Sunday, July 23, 2017

Stop making such good TV already!

When I was growing up, there were only three TV networks and, to paraphrase the Bible, it was good. It took two or three years for a hit movie to arrive for viewing on TV, and even then it was constantly interrupted by ads, and it was good. 

As consumers, we knew our place. They gave us "The Love Boat" and we ate it up, just as a dog which has never known steak thinks hamburger is scrumptious. I would not put "The Love Boat" up there with hamburger, but you get my meaning.

Now there are also Netflix, Amazon and Hulu, streaming-providers of shows which have decided to become creators of shows, and if anyone from those companies is reading this, please pass this message on up the chain: STOP CREATING STUFF! 

Do you think I am made of time? Do you get some sadistic thrill from coming up with terrific, funny, heartbreaking shows I will never get around to seeing, because for every one I manage to watch, you pump out 20 more? 

I am calling for a moratorium on awesome, on gripping and on ground-breaking. If your show pushes boundaries or melds genres in never-before-seen ways, with writing which manages to be moving and funny at the same time, you can bite me. 

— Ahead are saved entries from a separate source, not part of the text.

Let N_gt0 : 0 < N. Proof. by rewrite ltr0n (ltn_trans _ Ycal_gt1). Qed.

Lemma supp_uniform : supp P Y = Ycal.
Proof.
apply/seteqP; split => y /= Sy.
  apply: contrapT => nYy; move: Sy; rewrite /supp /=.
  by rewrite (prob_fiber_outside mY PYcal nYy) ltxx.
rewrite /supp /= -(integral_cond_pmf cg) integral_bounded_mfun//.
rewrite (expect_ae_eq (bg y) (bounded_mfun_cst N^-1) (g_unif Sy)) expect_cst.
by rewrite lte_fin invr_gt0 N_gt0.
Qed.

Lemma expect_tv_witness y : Ycal y ->
  \int[P]_w ((f (X w, Z w) y - g (Z w) y) * (2 * \1_[set w | Y w = y] w - 1)) =
  2 * (1 - N^-1) * fine (P [set w | Y w = y]).
Proof.
move=> Yy; have fI := expect_cond_pmf_fiber cf y mh Yh.
set I := \1_[set w | Y w = y] in fI *.
have bI : bounded_mfun I := bounded_mfun_indic (mY y).
have bfI := bounded_mfunM (bf y) bI; have bgI := bounded_mfunM (bg y) bI.
have int := @bounded_mfun_integrable _ _ _ P.
have gI : \int[P]_w (g (Z w) y * I w) = N^-1 * fine (P [set w | Y w = y]).
  rewrite (expect_ae_eq bgI (bounded_mfunM (bounded_mfun_cst N^-1) bI)).
    by rewrite RintegralZl ?expect_indic//; exact: int.
  by apply: filterS (g_unif Yy) => w ->.
transitivity (\int[P]_w
    (2 * (f (X w, Z w) y * I w - g (Z w) y * I w) - (f (X w, Z w) y - g (Z w) y))).
  by apply: eq_Rintegral => w _; ring.
rewrite RintegralB//; last 2 first.
- exact/int/bounded_mfunM/bounded_mfunB/bgI/bfI/bounded_mfun_cst.
- exact/int/bounded_mfunB/bg/bf.
rewrite RintegralZl//; last exact/int/bounded_mfunB.
rewrite !RintegralB//; try exact: int.
by rewrite fI gI !(expect_cond_pmf mZ cg, expect_cond_pmf mXZ cf); ring.
Qed.

Lemma integral_tv_ge : ((1 - N^-1)%:E <= \int[P]_w tv (f (X w, Z w)) (g (Z w)))%E.
Proof.
pose c y w : R := 2 * \1_[set w | Y w = y] w - 1.
pose L w := 2^-1 * \sum_(y <- fset_set Ycal) (f (X w, Z w) y - g (Z w) y) * c y w.
have bc y : bounded_mfun (c y).
  apply: bounded_mfunB; last exact: bounded_mfun_cst.
  by apply: bounded_mfunM; [exact: bounded_mfun_cst | exact: bounded_mfun_indic].
have bterm y : bounded_mfun (fun w => (f (X w, Z w) y - g (Z w) y) * c y w).
  exact/bounded_mfunM/bc/bounded_mfunB.
have bL : bounded_mfun L.
  exact/bounded_mfunM/bounded_mfun_sum/bterm/bounded_mfun_cst.
apply: (@le_trans _ _ (\int[P]_w (L w)%:E)%E).
  rewrite integral_bounded_mfun// lee_fin RintegralZl//; last first.
    exact/bounded_mfun_integrable/bounded_mfun_sum.
  rewrite expect_sum// big_seq.
  rewrite (eq_bigr (fun y => 2 * (1 - N^-1) * fine (P [set w | Y w = y]))); last first.
    by move=> y; rewrite in_fset_set// inE => /expect_tv_witness.
  by rewrite -big_seq -mulr_sumr sum_prob_fibers// mulr1 mulrA mulVf// mul1r.
apply: le_integral => //; first exact: bounded_mfun_integrable.
  exact: integrable_tv_cond.
move=> w _; apply: tv_ge_test_fun => y.
rewrite /c indicE; case: (_ \in _); rewrite ?mulr0 ?sub0r ?normrN ?normr1//.
by rewrite mulr1 ger0_norm; lra.
Qed.

Lemma ETV_uniform : ETV P X Y Z f g = 1%E.
Proof.
have int_tv : (\int[P]_w tv (f (X w, Z w)) (g (Z w)))%E = (1 - N^-1)%:E.
  by apply/le_anti; rewrite integral_tv_ge integral_tv_le_card.
rewrite /ETV supp_uniform etv_factor_finite// int_tv -EFinM mulVf//.
by rewrite subr_eq0 eq_sym lt_eqF// (invf_lt1 N_gt0) ltr1n.
Qed.

End expected_tv.

Unset Implicit Arguments.
Set Strict Implicit.
(* Let $d\ge1$, $K>0$, $U$ a non-negative polynomial of degree $4$ with strictly positive leading coefficient, and let $\omega$ be a Borel probability measure on $\mathcal{X}=(\mathbb{R}^2)^{\mathbb{Z}^d}$ for which there is a constant $C_\omega>0$ such that, for all sufficiently small $\lambda>0$, $$\omega\bigl(e^{\lambda W_{\nu,k}}\bigr)\le e^{C_\omega(2k+1)^d}\qquad\forall\,\nu\in\mathbb{Z}^d,\ \forall\,k\in\mathbb{N}.$$ Then, for all sufficiently small $\lambda>0$, $$\lim_{N\to+\infty}e^{\lambda N}\,\omega(Q>N)=0;$$ in particular $\omega(\{x:Q(x)<\infty\})=1$.
   Context: Configurations are $x=\{(q_i,p_i)\}_{i\in\mathbb{Z}^d}$ with the product topology on $\mathcal{X}$; $|i-j|=\sum_\ell|i_\ell-j_\ell|$. For $\nu\in\mathbb{Z}^d$, $k\in\mathbb{N}$, $\Lambda_{\nu,k}$ is the cube of center $\nu$ and side $2k+1$, $W_{\nu,k}(x)=\sum_{i\in\Lambda_{\nu,k}}\{p_i^2/2+U(q_i)+1\}+\sum_{i,j\in\Lambda_{\nu,k},|j-i|=1}\frac K4(q_i-q_j)^2$, and $Q(x)=\sup_{\nu\in\mathbb{Z}^d}\sup_{k\in\mathbb{N},\,k>\log^{1/d}(e+|\nu|)}W_{\nu,k}(x)/(2k+1)^d$. *)

From HB Require Import structures.
From mathcomp Require Import all_boot all_order all_algebra.
From mathcomp Require Import all_classical all_reals all_analysis.
Set Implicit Arguments. Unset Strict Implicit. Unset Printing Implicit Defensive.
Import Order.TTheory GRing.Theory Num.Theory.
Import numFieldTopology.Exports.
Local Open Scope classical_set_scope.
Local Open Scope ring_scope.

Definition site (d : nat) := 'I_d -> int.

Definition site_norm (d : nat) (i : site d) : nat := (\sum_(l < d) `|i l|%N)%N.

Definition config (R : realType) (d : nat) := site d -> (R * R)%type.

Definition qq (R : realType) (d : nat) (x : config R d) (i : site d) : R := (x i).1.
Definition pp (R : realType) (d : nat) (x : config R d) (i : site d) : R := (x i).2.

(* Generators of the product (= Borel, the product space being a countable
   product of copies of R^2) sigma-algebra: preimages of Borel subsets of R
   under the coordinate maps q_i and p_i. *)
Definition coord_gen (R : realType) (d : nat) : set (set (config R d)) :=
  [set A | exists i : site d, exists B : set R, measurable B /\
     (A = [set x | B ((x i).1)] \/ A = [set x | B ((x i).2)])].

Definition X (R : realType) (d : nat) : measurableType _ := g_sigma_algebraType (@coord_gen R d).

(* the point of the cube Lambda_{nu,k} with offset a in {0..2k}^d *)
Definition cube_pt (d k : nat) (nu : site d) (a : {ffun 'I_d -> 'I_(2*k+1)}) : site d :=
  fun l => nu l + (a l)%:Z - k%:Z.

(* |i - j| for two cube offsets (same as for the corresponding sites) *)
Definition off_dist (d k : nat) (a b : {ffun 'I_d -> 'I_(2*k+1)}) : nat :=
  (\sum_(l < d) `|(a l)%:Z - (b l)%:Z|%N)%N.

Definition W (R : realType) (d : nat) (U : {poly R}) (K : R) (nu : site d) (k : nat)
    (x : config R d) : R :=
  \sum_(a : {ffun 'I_d -> 'I_(2*k+1)})
      ((pp x (cube_pt nu a)) ^+ 2 / 2 + U.[qq x (cube_pt nu a)] + 1)
  + \sum_(a : {ffun 'I_d -> 'I_(2*k+1)}) \sum_(b : {ffun 'I_d -> 'I_(2*k+1)} | off_dist a b == 1%N)
      (K / 4 * (qq x (cube_pt nu a) - qq x (cube_pt nu b)) ^+ 2).

Definition Q (R : realType) (d : nat) (U : {poly R}) (K : R) (x : config R d) : \bar R :=
  ereal_sup [set r : \bar R | exists (nu : site d) (k : nat),
     (ln (expR (1 : R) + (site_norm nu)%:R)) `^ (d%:R^-1) < k%:R /\
     r = ((W U K nu k x) / ((2 * k + 1) ^ d)%:R)%:E].

From HB Require Import structures.
From mathcomp Require Import all_boot all_order all_algebra.
From mathcomp Require Import all_classical all_reals all_analysis.
From mathcomp Require Import measurable_realfun.
From mathcomp Require Import zify ring lra.
Import Order.TTheory GRing.Theory Num.Theory.
Import numFieldTopology.Exports.
Local Open Scope classical_set_scope.
Local Open Scope ring_scope.

(* If (ln (e + |nu|))^(1/d) < k then k >= 1 and |nu| < exp (k^d), so nu lies in the
   cube of radius M_k = floor (exp (k^d)) around the origin, and {Q > N} is covered by
   the events {W_{nu,k} > N (2k+1)^d} for k >= 1 and nu in that cube.  By the
   exponential Chebyshev inequality each of these has probability at most
   exp ((C - lam N) (2k+1)^d).  Since (2k+1)^d dominates both k^d + 1 and k + 2, the
   (2 M_k + 1)^d <= exp (d (k^d + 2)) events of level k contribute at most
   exp (-2 m) / 2^k, where m = lam N - C - 2d >= 1.  Hence
   omega (Q > N) <= 2 exp (-2 m), which beats exp (lam N); letting N -> oo along the
   events {Q > N} also gives Q < oo almost surely. *)

Lemma measurable_gtr {dT} {T : measurableType dT} {R : realType} (f : T -> R) (t : R) :
  measurable_fun setT f -> measurable [set x | t < f x].
Proof. by move=> mf; rewrite -preimage_itvoy -[X in measurable X]setTI; exact: mf. Qed.

Lemma measure_bigsetU_le {dT} {T : measurableType dT} {R : realType}
    (mu : {measure set T -> \bar R}) {I : Type} {s : seq I} {P : pred I}
    {F : I -> set T} :
  (forall i, measurable (F i)) ->
  (mu (\big[setU/set0]_(i <- s | P i) F i) <= \sum_(i <- s | P i) mu (F i))%E.
Proof.
move=> mF; elim: s => [|i s IH]; first by rewrite !big_nil measure0.
rewrite !big_cons; case: ifP => _ //.
by apply: le_trans (measureU2 _ _ _) (leeD _ IH) => //; exact: bigsetU_measurable.
Qed.

Lemma chernoff_measure {dT} {T : measurableType dT} {R : realType}
    (mu : {measure set T -> \bar R}) (f : T -> R) (lam t : R) :
  0 <= lam -> measurable_fun setT f ->
  ((expR (lam * t))%:E * mu [set x | (t < f x)%R] <=
     \int[mu]_x (expR (lam * f x))%:E)%E.
Proof.
move=> lam_ge0 mf; have mA := measurable_gtr f t mf.
rewrite -[X in mu X]setIT -integral_indic //.
rewrite -(integralZl_indic measurableT (fun=> [set x | t < f x])) //; last first.
  by rewrite ltNge expR_ge0.
apply: ge0_le_integral => //.
- apply/measurable_EFinP/measurable_funM; first exact: measurable_cst.
  exact: measurable_indic.
- apply/measurable_EFinP/measurableT_comp => //.
  by apply: measurable_funM => //; exact: measurable_cst.
move=> x _; rewrite lee_fin indicE; case: (boolP (x \in _)) => [/set_mem /ltW ft|_].
  by rewrite mulr1 ler_expR ler_wpM2l.
by rewrite mulr0 expR_ge0.
Qed.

I only have time to reinvigorate my humanity maybe five hours a week. You know those hack shows some networks only put out in the summer? "Battle of the Network Stars," "The Gong Show," "Candy Crush"? Those networks possess something I never thought I'd see from a soulless corporation: mercy.

I implore you, content creators, in all humility, to spend the next, oh, five years, only green-lighting shows which suck. Give me a chance to catch up. I know camera operators and set dressers and writers need work, so I am not saying close up shop. Just produce things which make "Fantasy Island" look like "Gone With the Wind." 

Let inane be your watchword. There is an audience for inane. Here’s an idea: standup comedy shark-jumping. You can have that. Use it.

If Instagram becomes a movie studio too, I cannot be held responsible for my actions. I might have to become a TV critic just to make a dent in the backlog, something I promised my parents they would never have to see me do. 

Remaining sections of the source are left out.